A lady came to me and asked me if I could make a simple baby shower cake large enough to feed about 75 people. She said she had one big request and that was that I had to use decorations from her mother's cake when she was pregnant with her (_this cake would be for the pregnant granddaughter_). She gave me three plastic decorations faded in pink. This shower was for a boy. The color theme was to be blue and grey.

So I painted the three pieces, hand made a few edible flowers and got busy. I was proud of my creation! The lady loved it which was the most important thing and I received a report that the cake tasted yummy too. Here is a pic of my craft - - - well sort of a craft.


----------



## 17428 (Jul 10, 2009)

Great job and I bet she will always remember it too!
Very yummy looking!


----------



## chideb (Jan 29, 2008)

Congratulations on a delicious looking cake.. Cake making is indeed an art.. and one that I have "zero" talent for..lol I stick with the Jello No Bake Cheesecakes...


----------



## Suekadue (Nov 16, 2009)

Thank you ladies!  Hey I like Jello No Bake Cheesecake too!


----------



## TripleAChihuahuas (Apr 8, 2010)

that looks great and yummy too


----------



## bubachi (Aug 5, 2010)

the cake looks lovely, good job!


----------



## jan896 (Dec 9, 2009)

well done!! it looks yummy!


----------



## Chihuahuasloveme (Jan 8, 2010)

very good job I wish I was talented enough to take up cake baking lol


----------



## Terri (Aug 21, 2009)

You are multi talented Susan!
That cakes looks great and so delish too!
Great job!! x


----------



## QUIGLEY'S MOM (Jan 12, 2010)

Great job. And I believe cake decorating is an art.
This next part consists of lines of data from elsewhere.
(* For $c>0$ (and any $s>0$, $F>1$), at every time $t$ with $Z^t>0$, conditional on $(x^t,\lambda^t)$, $$\mathbb E[Z^t-Z^{t+1}\mid \bar A]\ge -\frac{c}{1-e^{-c}}.$$ The same bound holds with $Z^t-Z^{t+1}$ replaced by $\min\{1,Z^t-Z^{t+1}\}$.
   Context: Consider the SA-$(1,\lambda)$-EA on a dynamic monotone function: a function $f:\{0,1\}^n\to\mathbb R$ is monotone if $f(x)>f(y)$ whenever $x\ne y$ and $x_i\ge y_i$ for all $i$; $(f^t)_{t\ge0}$ is a sequence of monotone functions, $f^t$ possibly chosen adversarially depending on $x^t$. The algorithm (with constants $c>0$, $s>0$, $F>1$) maintains $x^t\in\{0,1\}^n$, real $\lambda^t\ge1$; in generation $t$ it creates $\lfloor\lambda^t\rceil$ (nearest integer) offspring $y^{t,j}$, each independently by flipping every bit of $x^t$ independently with probability $c/n$; $x^{t+1}$ is an offspring maximizing $f^t$ (ties uniformly at random); $\lambda^{t+1}=\max\{1,\lambda^t/F\}$ if $f^t(x^{t+1})>f^t(x^t)$, else $\lambda^{t+1}=F^{1/s}\lambda^t$. $Z^t$ is the number of zero-bits of $x^t$. $A$ is the event that some offspring $y^{t,j}$ flips no one-bit of $x^t$; $\bar A$ is its complement (every offspring flips at least one one-bit of $x^t$). *)

From HB Require Import structures.
From mathcomp Require Import all_boot all_order all_algebra.
From mathcomp Require Import all_classical all_reals all_analysis.
Set Implicit Arguments. Unset Strict Implicit. Unset Printing Implicit Defensive.
Import Order.TTheory GRing.Theory Num.Theory.
Local Open Scope ring_scope.

Definition bits (n : nat) := {ffun 'I_n -> bool}.

Definition zeros (n : nat) (x : bits n) : nat := #|[set i | ~~ x i]|.

Definition monotone_fun (R : realType) (n : nat) (f : bits n -> R) : Prop :=
  forall x y : bits n, x <> y -> (forall i, y i ==> x i) -> f y < f x.

(* number of offspring: nearest integer of lambda (round half up) *)
Definition round_nat (R : realType) (lam : R) : nat :=
  `|Num.floor (lam + 2^-1)|%N.

(* an offspring is described by its flip mask m; offspring = x xor m *)
Definition mutate (n : nat) (x m : bits n) : bits n := [ffun i => x i (+) m i].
It is a lot of work I know from experience. To make the beautiful flowers, the colormixing to get the perfect shade, the boarders and all you really have to be creative and artful. Don't let anyone tell you it is not an art. LOL. Nice cake. And it does look yyummy!


----------



## Suekadue (Nov 16, 2009)

TripleAChihuahuas said:


> that looks great and yummy too


Thank you!



bubachi said:


> the cake looks lovely, good job!


Thank you!



jan896 said:


> well done!! it looks yummy!


Thank you!



Chihuahuasloveme said:


> very good job I wish I was talented enough to take up cake baking lol


Thank you!


----------



## Suekadue (Nov 16, 2009)

Terri said:


> You are multi talented Susan!
> That cakes looks great and so delish too!
> Great job!! x


You are so kind - thank you. 



QUIGLEY'S MOM said:


> Great job. And I believe cake decorating is an art. It is a lot of work I know from experience. To make the beautiful flowers, the colormixing to get the perfect shade, the boarders and all you really have to be creative and artful. Don't let anyone tell you it is not an art. LOL. Nice cake. And it does look yyummy!


Thank you. It's nice to know that some people understand the real work that goes in to one of these cakes.


----------



## Vanessa (May 16, 2005)

Wow that is a big cake. Looks good.


----------



## Suekadue (Nov 16, 2009)

Vanessa said:


> Wow that is a big cake. Looks good.


Thank you.


----------